Interesting, is it not? A third quote is:
I learned early that business is business and politics is politics. The proof is how few important businessmen have made good politicians. They make think they are very smart about everything because they made millions of dollars by digging a hole in the ground and finding oil, but the talent and luck needed to become rich are not the same talent and luck needed to succeed on Parliament Hill-.Most businessmen have very limited, specialized knowledge which often gives them a narrow view.
As a businessman, the kind of person he is talking about, I do not believe my view is narrow enough to mislead and distort the Canadian public. The fourth quote I would like to put into context is: "If businessmen want to make the decisions, the solution is simple: they should get themselves elected to Parliament". Well I did. I am here and I am going to try to do my best to point out the hypocrisy, duplicity and failure of this Liberal government to keep their election promise.
I refer specifically to that part of Bill C-31 which appropriates $961 million-let us round that out to $1 billion because it rhymes with bribe-from the consolidated revenue fund to pay off or bribe as most people are saying. It is not just the Reform Party, the premier of British Columbia has called it a bribe. The provincial elected officials in Ontario have called it a bribe. A lot of people are calling this a bribe to the three Atlantic provinces which have agreed to harmonize the PST with the GST but only if they are compensated for revenue shortfalls.
I would like to review, analyse and comment on the Liberal promise, not the one to kill, abolish, scrap the GST. We have gone through that and the Liberals have admitted they broke that promise. They have admitted that they failed to deliver on that promise. That is fine. But what about the promise they put in writing, the one the Prime Minister brags about, to replace it, as per page 22 of their now dead and embarrassing red book? In that red book the Liberals promised to the Canadian public that they would replace the GST with a system that generated equivalent revenues. That is not so. They are not equivalent revenues.
The harmonization in the Atlantic provinces represents a shortfall over three years of $1 billion and in order to induce, encourage and bribe those provinces to get on board, the government is going to pay for that shortfall. They are not equivalent revenues. The Liberals failed on that part of their promise in the red book. It does not generate equal revenues. Basically it is a tax cut for the three provinces at the expense of all Canadians. Wait until the consumers in those three provinces find out how much more they will be paying for the promises of their three Liberal premiers to the Liberal Prime Minister.
Page 22 says that this replacement tax will be fairer to consumers and to small business. I will agree it is fairer to small business. It does improve the situation for small businesses. They will have one tax to collect and one tax to remit. They will have a choice on how they can do it. There is no question that it does streamline it for the businesses. However, it will not be fair to the consumers. The consumers will be the ones who will be paying a greater portion of the tax in those provinces.

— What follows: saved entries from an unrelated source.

(* Let $d>2$, let $\alpha,\lambda\in\overline{\mathbb Q}$, and let $|\cdot|_v$ be an absolute value on $\overline{\mathbb Q}$. If $|\alpha|_v\ge2$ and $|\lambda|_v\le\frac12$, then for each $n_0\ge0$, $$\left|\lim_{n\to\infty}\frac{\log M_{n,v}}{d^n}-\frac{\log M_{n_0,v}}{d^{n_0}}\right|\le\frac{\log 2}{d^{n_0}(d-1)}.$$
   Context: Define $A_0=\alpha$, $B_0=1$, and for $n\ge0$, $A_{n+1}=A_n^d+\lambda B_n^d$, $B_{n+1}=A_nB_n^{d-1}$ (so $[A_n:B_n]$ is the $n$-th iterate of $\alpha$ under $z\mapsto(z^d+\lambda)/z$). Set $M_{n,v}=\max\{|A_n|_v,|B_n|_v\}$. *)

From HB Require Import structures.
From mathcomp Require Import all_boot all_order all_algebra all_field.
From mathcomp Require Import all_classical all_reals all_analysis.
Set Implicit Arguments. Unset Strict Implicit. Unset Printing Implicit Defensive.
Import Order.TTheory GRing.Theory Num.Theory.
Local Open Scope ring_scope.

(* Qbar is modelled by algC, the algebraic closure of Q in mathcomp. *)

Definition is_absval (R : realType) (v : algC -> R) : Prop :=
  [/\ (forall x, 0 <= v x),
      (forall x, v x = 0 <-> x = 0),
      (forall x y, v (x * y) = v x * v y) &
      (forall x y, v (x + y) <= v x + v y)].

Fixpoint AB (d : nat) (alpha lambda : algC) (n : nat) : algC * algC :=
  match n with
  | 0 => (alpha, 1)
  | n'.+1 => let: (a, b) := AB d alpha lambda n' in
             (a ^+ d + lambda * b ^+ d, a * b ^+ d.-1)
  end.

Definition A d alpha lambda n := (AB d alpha lambda n).1.
Definition B d alpha lambda n := (AB d alpha lambda n).2.

Definition M (R : realType) (v : algC -> R) d alpha lambda n : R :=
  Num.max (v (A d alpha lambda n)) (v (B d alpha lambda n)).

From HB Require Import structures.
From mathcomp Require Import all_boot all_order all_algebra all_field.
From mathcomp Require Import all_classical all_reals all_analysis.
From mathcomp Require Import ring lra zify.
Set Implicit Arguments. Unset Strict Implicit. Unset Printing Implicit Defensive.
Import Order.TTheory GRing.Theory Num.Theory numFieldNormedType.Exports.
Local Open Scope ring_scope.

(* As long as |B_n| <= |A_n|/2 and |A_n| >= 2, the term A_n^d dominates
   A_{n+1} = A_n^d + lambda B_n^d, so M_{n+1} = |A_{n+1}| lies within a factor
   2 of M_n^d and log M_{n+1} - d log M_n lies in [-log 2, log 2].  Dividing by
   d^(n+1), the increments of log M_n / d^n are bounded by log 2 / d^(n+1);
   summing this geometric tail gives both the convergence and the bound. *)

Section AbsoluteValue.
Variables (R : realType) (v : algC -> R).
Hypothesis hv : is_absval v.

Lemma absv_ge0 x : 0 <= v x. Proof. by case: hv. Qed.
Lemma absvM x y : v (x * y) = v x * v y. Proof. by case: hv. Qed.
Lemma ler_absvD x y : v (x + y) <= v x + v y. Proof. by case: hv. Qed.

Lemma absv1 : v 1 = 1.
Proof.
have v1_neq0 : v 1 != 0.
  by apply/eqP; case: hv => _ v0 _ _ /v0; apply/eqP; exact: oner_neq0.
by apply: (mulfI v1_neq0); rewrite -absvM !mulr1.
Qed.

Lemma absvN x : v (- x) = v x.
Proof.
have vN1_sqr : v (-1) * v (-1) = 1 by rewrite -absvM mulrNN mulr1 absv1.
have vN1 : v (-1) = 1.
  have := absv_ge0 (-1); have [|//|//] := ltrgtP (v (-1)) 1; nra.
by rewrite -mulN1r absvM vN1 mul1r.
Qed.

Lemma lerB_absvD x y : v x - v y <= v (x + y).
Proof. by have := ler_absvD (x + y) (- y); rewrite addrK absvN; lra. Qed.

Lemma absvX x n : v (x ^+ n) = v x ^+ n.
Proof. by elim: n => [|n IH]; rewrite ?expr0 ?absv1 // !exprS absvM IH. Qed.

End AbsoluteValue.

Lemma ler_4exprn (R : realDomainType) (x y : R) k :
  0 <= y -> 2 * y <= x -> (2 <= k)%N -> 4 * y ^+ k <= x ^+ k.
Proof.
move=> y0 hyx hk.
have two_k : 4 <= 2 ^+ k :> R.
  have : 2 ^+ 2 <= 2 ^+ k :> R by apply: ler_weXn2l; rewrite ?ler1n.
  by rewrite expr2; lra.
have x0 : 0 <= x by apply: le_trans hyx; rewrite mulr_ge0.
have : (2 * y) ^+ k <= x ^+ k by rewrite lerXn2r ?nnegrE ?mulr_ge0.
apply: le_trans; rewrite exprMn ler_wpM2r // exprn_ge0 //.
Qed.

Lemma ln_sandwich (R : realType) (x y : R) (d : nat) : 0 < x ->
  x ^+ d / 2 <= y -> y <= 2 * x ^+ d -> `|ln y - d%:R * ln x| <= ln 2.
Proof.
move=> x0 lo hi.
have xd0 : 0 < x ^+ d by exact: exprn_gt0.
have ln_lo : ln (x ^+ d / 2) <= ln y.
  by rewrite ler_ln ?posrE ?divr_gt0 //; lra.
have ln_hi : ln y <= ln (2 * x ^+ d).
  by rewrite ler_ln ?posrE ?mulr_gt0 //; lra.
rewrite lnM ?lnV ?posrE ?invr_gt0 // lnXn // in ln_lo.
rewrite lnM ?posrE // lnXn // in ln_hi.
by rewrite mulr_natl ler_norml; apply/andP; split; lra.
Qed.

Lemma cvg_geometric_increments (R : realType) (u : R ^nat) (C D : R) :
  1 < D -> (forall n, `|u n.+1 - u n| <= C / D ^+ n.+1) ->
  exists L, (u @ \oo --> L)%classic /\
            forall n, `|L - u n| <= C / (D ^+ n * (D - 1)).
Proof.
move=> D1 hu.
have Dn0 n : 0 < D ^+ n by apply: exprn_gt0; lra.
have C0 : 0 <= C.
  have := le_trans (normr_ge0 _) (hu 0); rewrite expr1.
  by rewrite pmulr_lge0 // invr_gt0; lra.
pose c n := C / (D ^+ n * (D - 1)).
have c0 n : 0 <= c n by rewrite divr_ge0 // mulr_ge0 //; [exact: ltW | lra].
have cS n : c n - c n.+1 = C / D ^+ n.+1.
  by rewrite /c exprS; field; apply/and3P; split; apply/eqP; have := Dn0 n; lra.
have c_cvg : (c @ \oo --> 0)%classic.
  have -> : c = geometric (C / (D - 1)) D^-1.
    apply/funext => n; rewrite /c /geometric /= exprVn; field.
    by apply/andP; split; apply/eqP; have := Dn0 n; lra.
  apply: cvg_geometric; rewrite ger0_norm ?invr_ge0 ?invf_lt1 //; lra.
pose b n := u n + c n; pose e n := u n - c n.
have b_dec : nonincreasing_seq b.
  apply/nonincreasing_seqP => n; rewrite /b.
  by have := hu n; rewrite ler_norml => /andP[_]; have := cS n; lra.
have e_inc : nondecreasing_seq e.
  apply/nondecreasing_seqP => n; rewrite /e.
  by have := hu n; rewrite ler_norml => /andP[+ _]; have := cS n; lra.
have b_cvg : cvgn b.
  apply: nonincreasing_is_cvgn => //; exists (e 0) => _ [n _ <-].
  by have := e_inc 0 n (leq0n n); have := c0 n; rewrite /b /e; lra.
have u_cvg : (u @ \oo --> limn b)%classic.
  have -> : u = b - c by apply/funext => n; rewrite /b /= addrK.
  by rewrite -[limn b]subr0; exact: cvgB.
have e_cvg : (e @ \oo --> limn b)%classic.
  by rewrite -[limn b]subr0; exact: cvgB.
exists (limn b); split => // n.
have ub := nonincreasing_cvgn_ge b_dec b_cvg n.
have lb := nondecreasing_cvgn_le e_inc (cvgP _ e_cvg) n.
rewrite (cvg_lim _ e_cvg) // /e in lb.
by rewrite ler_distl; apply/andP; split; rewrite /b in ub; rewrite -/(c n); lra.
Qed.

Lemma AS d alpha lambda n :
  A d alpha lambda n.+1 = A d alpha lambda n ^+ d + lambda * B d alpha lambda n ^+ d.
Proof. by rewrite /A /B /=; case: AB. Qed.

Lemma BS d alpha lambda n :
  B d alpha lambda n.+1 = A d alpha lambda n * B d alpha lambda n ^+ d.-1.
Proof. by rewrite /A /B /=; case: AB. Qed.

Section Iteration.
Variables (R : realType) (v : algC -> R) (d : nat) (alpha lambda : algC).
Hypotheses (hv : is_absval v) (hd : (2 < d)%N) (hlambda : v lambda <= 1 / 2).

Definition dominates (a b : algC) := 2 <= v a /\ 2 * v b <= v a.

Lemma absv_iterA_bounds a b : 2 * v b <= v a ->
  v a ^+ d / 2 <= v (a ^+ d + lambda * b ^+ d) <= 2 * v a ^+ d.
Proof.
move=> hab.
have b_small : 4 * v b ^+ d <= v a ^+ d.
  by apply: ler_4exprn (absv_ge0 hv b) hab (ltnW hd).
have tail : v (lambda * b ^+ d) <= v a ^+ d / 8.
  rewrite absvM // absvX //.
  have := ler_wpM2r (exprn_ge0 d (absv_ge0 hv b)) hlambda; lra.
have up := ler_absvD hv (a ^+ d) (lambda * b ^+ d).
have low := lerB_absvD hv (a ^+ d) (lambda * b ^+ d).
have ad0 := exprn_ge0 d (absv_ge0 hv a).
by rewrite absvX // in up low; apply/andP; split; lra.
Qed.

Lemma dominates_step a b : dominates a b ->
  dominates (a ^+ d + lambda * b ^+ d) (a * b ^+ d.-1).
Proof.
move=> [ha hab]; have /andP[lo _] := absv_iterA_bounds hab.
have a_big : 4 * 1 ^+ d <= v a ^+ d by apply: ler_4exprn => //; [lra | exact: ltnW].
have b_small : 4 * v b ^+ d.-1 <= v a ^+ d.-1.
  by apply: ler_4exprn (absv_ge0 hv b) hab _; lia.
have split_d : v a ^+ d = v a * v a ^+ d.-1 by rewrite -exprS prednK //; lia.
rewrite expr1n in a_big; split; first lra.
by rewrite absvM // absvX //; have := absv_ge0 hv b; nra.
Qed.

Hypothesis halpha : 2 <= v alpha.

Lemma dominates_AB n : dominates (A d alpha lambda n) (B d alpha lambda n).
Proof.
elim: n => [|n IH]; last by rewrite AS BS; exact: dominates_step.
by rewrite /dominates /A /B /= absv1 // mulr1.
Qed.

Lemma M_absvA n : M v d alpha lambda n = v (A d alpha lambda n).
Proof.
rewrite /M max_l //; have [_ hab] := dominates_AB n.
by have := absv_ge0 hv (B d alpha lambda n); lra.
Qed.

Lemma ln_M_succ n :
  `|ln (M v d alpha lambda n.+1) - d%:R * ln (M v d alpha lambda n)| <= ln 2.
Proof.
have [ha hab] := dominates_AB n; have /andP[lo hi] := absv_iterA_bounds hab.
by rewrite !M_absvA AS; apply: ln_sandwich => //; lra.
Qed.

End Iteration.

Theorem proposition6p1 (R : realType) (v : algC -> R) (d : nat)
    (alpha lambda : algC) (n0 : nat) :
  is_absval v -> (2 < d)%N -> 2 <= v alpha -> v lambda <= 1 / 2 ->
  exists L : R,
    ((fun n : nat => ln (M v d alpha lambda n) / (d%:R ^+ n)) @ \oo --> L)%classic /\
    `|L - ln (M v d alpha lambda n0) / (d%:R ^+ n0)|
      <= ln 2 / (d%:R ^+ n0 * (d%:R - 1)).
Proof.
move=> hv hd halpha hlambda.
pose u n := ln (M v d alpha lambda n) / d%:R ^+ n.
have d_gt1 : 1 < d%:R :> R by rewrite ltr1n; lia.
have dn_gt0 n : 0 < d%:R ^+ n :> R by apply: exprn_gt0; lra.
have u_step n : `|u n.+1 - u n| <= ln 2 / d%:R ^+ n.+1.
  rewrite /u; set x := ln (M v d alpha lambda n).
  set y := ln (M v d alpha lambda n.+1).
  have -> : y / d%:R ^+ n.+1 - x / d%:R ^+ n = (y - d%:R * x) / d%:R ^+ n.+1.
    by rewrite exprS; field; apply/andP; split; apply/eqP; have := dn_gt0 n; lra.
  rewrite normrM [X in _ * X]ger0_norm ?invr_ge0 ?(ltW (dn_gt0 _)) //.
  by apply: ler_wpM2r (ln_M_succ hv hd hlambda halpha n); rewrite invr_ge0 ltW.
have [L [u_cvg u_near]] := cvg_geometric_increments d_gt1 u_step.
by exists L; split; [exact: u_cvg | exact: u_near].
Qed.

If we look at what goods and services the retail sales taxes are applied to or exempted from in New Brunswick, Newfoundland and Nova Scotia, we will find many that are exempt from the PST but will now be taxed with this new 15 per cent GST. Although the provincial rates go down on the PST, the combined rate will increase taxes on a lot of items that are in the service industry.
Work done by construction companies will now be taxed. Certain footwear, children's clothing, hair cuts. All these items will now be taxed. Funerals, pharmaceutical and medical supplies, mobile homes, utilities such as water and heating oil in the province of New Brunswick. Most of the lists are the same. Children's car seats, postage stamps and coins. We read about that in the paper today. The revenue minister did not even know there was a tax on stamps. Many labour charges, wood burning stoves, wood splitters, hand crafted products. These are all things on which people have not had to pay PST but will now have to pay tax. This is where it is an 8 per cent tax increase to the consumers in those three provinces who have allowed their premiers and their governments to harmonize with compensation.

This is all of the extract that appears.